The best way to reduce headcount in accounts payable is to provide an easier way for business buyers (especially departmental and project managers) to capture their purchase requisitions and orders into the system, and to give suppliers self-service capabilities. Vendors should provide their own master data details, certificates, and responses to compliance questionnaires (modern slavery provisions, for example). Vendors should also be able to check their assigned purchase orders and invoice payment statuses to remove a lot of administrative queries from your Accounts Payable team.

Fixed Asset Management

Both IQX Asset Management and SAP Fiori apps are based on SAP UI5 JavaScript libraries and therefore look the same and are similarly launched from the Fiori Launchpad. Standard SAP Fiori apps typically target a single SAP transaction. IQX Asset Management apps differ from standard Fiori apps as they provide a highly configurable user interface, workflow process and SAP integration orchestration. This enables business users to capture the asset transaction details, have details supplemented or corrected by other stakeholders, and then on agreement update one or multiple SAP transactions. The process-management functionality of the IQX Asset Management apps is supported by the SAP-certified IQX AppBuilder Add-on.

At the conclusion of a project, accumulated costs are transferred from the project to the fixed asset master record. This process is known as cost settlement. The costs on a single WBS element may be transferred to one or multiple fixed assets. This allocation can be by fixed amount or percentage. These percentages can vary by time. Different expenditure types can be settled to different receivers. For example, some cost types can always be treated as operational expenditure. This specification of what expenditure is settled to which receivers, in what proportion, is defined by a settlement rule.

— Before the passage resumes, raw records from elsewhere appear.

Lemma P_n_root_norm_ge1 z : root (P_n n a) z -> 1 <= `|z|.
Proof.
move=> Pz; have [//|z1] := real_leP (real1 _) (normr_real z).
have [z0|z0] := eqVneq z 0; first by move: Pz; rewrite z0 /root horner_P_n0 oner_eq0.
have s_roots w : root s w -> 1 <= `|w|.
  move=> sw; have [//|w1] := real_leP (real1 _) (normr_real w).
  by move: sw; rewrite /root (negPf (horner_s_n_neq0 (ltW w1))).
have size_s : (size s <= 2 * n + 1)%N by apply: leq_trans (size_s_n _ _) _; lia.
have := norm_horner_conj_reverse_lt size_s s_roots z0 z1 (horner_s_n_neq0 (ltW z1)).
by move: Pz; rewrite /root P_nE hornerD addr_eq0 => /eqP ->; rewrite normrN ltxx.
Qed.

End RootsOutsideDisc.

Lemma norm_S_inv_le (R : realType) (zs : seq R[i]) k :
  (forall z, z \in zs -> 1 <= `|z|) -> `|S_inv zs k| <= (size zs)%:R.
Proof.
move=> zs1; apply: le_trans (ler_norm_sum _ _ _) _.
rewrite -sum1_size natr_sum !big_seq; apply: ler_sum => z /zs1 z1.
by rewrite normrX normfV exprn_ile1 ?invr_ge0 // invf_le1 // (lt_le_trans ltr01).
Qed.

Theorem theorem1p2 (R : realType) (n : nat) (a : nat -> R[i])
  (hn : (1 <= n)%N)
  (ha : forall j : nat, `|a j| <= (((j.+2)%:R) ^+ 2)^-1)
  (zs : seq R[i])
  (hzs : P_n n a = \prod_(z <- zs) ('X - z%:P)) :
  (forall j : nat, (j < n)%N -> S_inv zs j.+1 - a j = 0) /\
  (forall r : R[i], 0 < r < 1 -> forall j : nat, (n <= j)%N ->
     `|S_inv zs j.+1 - a j|
       <= r ^- (j - n) / (1 - r ^+ n.+1) * (15 * n%:R + 30 / (1 - r))).
Proof.
split=> [j hj | r r01 j hj]; first by rewrite (power_sums_P_n_roots hzs hj) subrr.
have zs1 z : z \in zs -> 1 <= `|z|.
  by rewrite -root_prod_XsubC -hzs => /(P_n_root_norm_ge1 ha).
have size_zs : (size zs <= 2 * n + 1)%N.
  by have := size_P_n n a; rewrite hzs size_prod_XsubC; lia.
have a1 : `|a j| <= 1.
  by apply: le_trans (ha j) _; rewrite invf_le1 ?exprn_gt0 // exprn_ege1 ?ler1n.
have crude : `|S_inv zs j.+1 - a j| <= (15 * n)%:R.
  apply: le_trans (ler_normB _ _) _; apply: le_trans (lerD (norm_S_inv_le _ zs1) a1) _.
  by rewrite natr1 ler_nat; lia.
have tail_ge0 : 0 <= 30 / (1 - r).
  by case/andP: r01 => _ r1; rewrite divr_ge0 ?subr_ge0 ?ltW.
apply: le_trans crude _; rewrite natrM.
apply: (le_trans (y := 15 * n%:R + 30 / (1 - r))); first by rewrite lerDl.
by rewrite ler_peMl ?invX_div_1subX_ge1 // addr_ge0 // mulr_ge0.
Qed.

The screen for maintaining settlement rules is accessed from within the project builder transaction via the menu path: More > Edit > Costs > Settlement Rule. Depending on how your project is structured, you may need to update the settlement rules on multiple WBS elements to collect all the capitalizable costs of a fixed asset. You will first need to create your fixed asset master record shell before you assign this in the settlement rules.

Where expenditure relates to a project, these development costs need to be transferred to capital work in progress monthly for financial reporting purposes. These costs can simply be accumulated on a balance sheet account by defining a balance sheet general ledger account as the cost receiver for periodic settlement. For a more granular analysis of significant capital work-in-process expenditure, temporary asset under construction (AuC) records can be created. These are a special class of assets within SAP that are not subject to depreciation. Where assets under construction are utilized, it is possible to report capital WIP for each asset under construction. On project completion, these costs are transferred from the interim AuC records to the final fixed asset master records.

Assets under construction are automatically created when an appropriate Investment Profile is assigned. Depending on the investment profile, the assets under construction can be assigned to a meaningful asset class such as building or software. The investment profile also controls the types of distribution allowed for settlement and whether settlement occurs on a summary basis or by cost element.

By assigning an asset class and planned capitalization date to your project WBS elements, it is possible to determine expected future period depreciation charges.